*What you have to do*:
Every line of the data below must be given again exactly.

*Available data*:
Section LipschitzFreeSpace.
Context {R : realType} {T : Type}.
Variables (d : T -> T -> R) (x0 : T).
Hypothesis hd : is_metric d.

Lemma metric_xx x : d x x = 0.
Proof. by case: hd => _ dE _ _; apply/dE. Qed.

Lemma metric_gt0 x y : x <> y -> 0 < d x y.
Proof.
case: hd => d0 dE _ _ nxy; rewrite lt_neqAle d0 andbT eq_sym.
by apply/eqP => /dE.
Qed.

Let slopes (f : T -> R) := [set z | exists x y, x <> y /\ z = `|f x - f y| / d x y].

Let slopes_ubound f L :
  (forall x y, `|f x - f y| <= L * d x y) -> ubound (slopes f) L.
Proof.
by move=> hL _ [x [y [nxy ->]]]; rewrite ler_pdivrMr ?metric_gt0 // hL.
Qed.

Lemma lipn_le f L : 0 <= L -> (forall x y, `|f x - f y| <= L * d x y) ->
  lipn d f <= L.
Proof.
move=> L0 hL; have [E|/eqP/set0P ne] := pselect (slopes f = set0).
  by rewrite /lipn -/(slopes f) E sup0.
exact: ge_sup ne (slopes_ubound hL).
Qed.

Lemma lipn_ge0 f : is_lip d f -> 0 <= lipn d f.
Proof.
move=> [L hL]; have [E|/eqP/set0P [_ [x [y [nxy _]]]]] := pselect (slopes f = set0).
  by rewrite /lipn -/(slopes f) E sup0.
apply: le_trans (ub_le_sup (ex_intro _ L (slopes_ubound hL)) _); last by exists x, y.
by rewrite divr_ge0 // ltW // metric_gt0.
Qed.

Lemma lipn_dist f : is_lip d f -> forall x y, `|f x - f y| <= lipn d f * d x y.
Proof.
move=> [L hL] x y; have [->|nxy] := pselect (x = y).
  by rewrite subrr normr0 metric_xx mulr0.
rewrite -ler_pdivrMr ?metric_gt0 //.
by apply: (ub_le_sup (ex_intro _ L (slopes_ubound hL))); exists x, y.
Qed.

Lemma lipn1_dist f : is_lip d f -> lipn d f <= 1 ->
  forall x y, `|f x - f y| <= d x y.
Proof.
case: hd => d0 _ _ _ hf hl x y.
by apply: le_trans (lipn_dist hf x y) _; rewrite ler_piMl.
Qed.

*Exercise output*:
Section LipschitzFreeSpace.
Context {R : realType} {T : Type}.
Variables (d : T -> T -> R) (x0 : T).
Hypothesis hd : is_metric d.

Lemma metric_xx x : d x x = 0.
Proof. by case: hd => _ dE _ _; apply/dE. Qed.

Lemma metric_gt0 x y : x <> y -> 0 < d x y.
Proof.
case: hd => d0 dE _ _ nxy; rewrite lt_neqAle d0 andbT eq_sym.
by apply/eqP => /dE.
Qed.

Let slopes (f : T -> R) := [set z | exists x y, x <> y /\ z = `|f x - f y| / d x y].

Let slopes_ubound f L :
  (forall x y, `|f x - f y| <= L * d x y) -> ubound (slopes f) L.
Proof.
by move=> hL _ [x [y [nxy ->]]]; rewrite ler_pdivrMr ?metric_gt0 // hL.
Qed.

Lemma lipn_le f L : 0 <= L -> (forall x y, `|f x - f y| <= L * d x y) ->
  lipn d f <= L.
Proof.
move=> L0 hL; have [E|/eqP/set0P ne] := pselect (slopes f = set0).
  by rewrite /lipn -/(slopes f) E sup0.
exact: ge_sup ne (slopes_ubound hL).
Qed.

Lemma lipn_ge0 f : is_lip d f -> 0 <= lipn d f.
Proof.
move=> [L hL]; have [E|/eqP/set0P [_ [x [y [nxy _]]]]] := pselect (slopes f = set0).
  by rewrite /lipn -/(slopes f) E sup0.
apply: le_trans (ub_le_sup (ex_intro _ L (slopes_ubound hL)) _); last by exists x, y.
by rewrite divr_ge0 // ltW // metric_gt0.
Qed.

Lemma lipn_dist f : is_lip d f -> forall x y, `|f x - f y| <= lipn d f * d x y.
Proof.
move=> [L hL] x y; have [->|nxy] := pselect (x = y).
  by rewrite subrr normr0 metric_xx mulr0.
rewrite -ler_pdivrMr ?metric_gt0 //.
by apply: (ub_le_sup (ex_intro _ L (slopes_ubound hL))); exists x, y.
Qed.

Lemma lipn1_dist f : is_lip d f -> lipn d f <= 1 ->
  forall x y, `|f x - f y| <= d x y.
Proof.
case: hd => d0 _ _ _ hf hl x y.
by apply: le_trans (lipn_dist hf x y) _; rewrite ler_piMl.
Qed.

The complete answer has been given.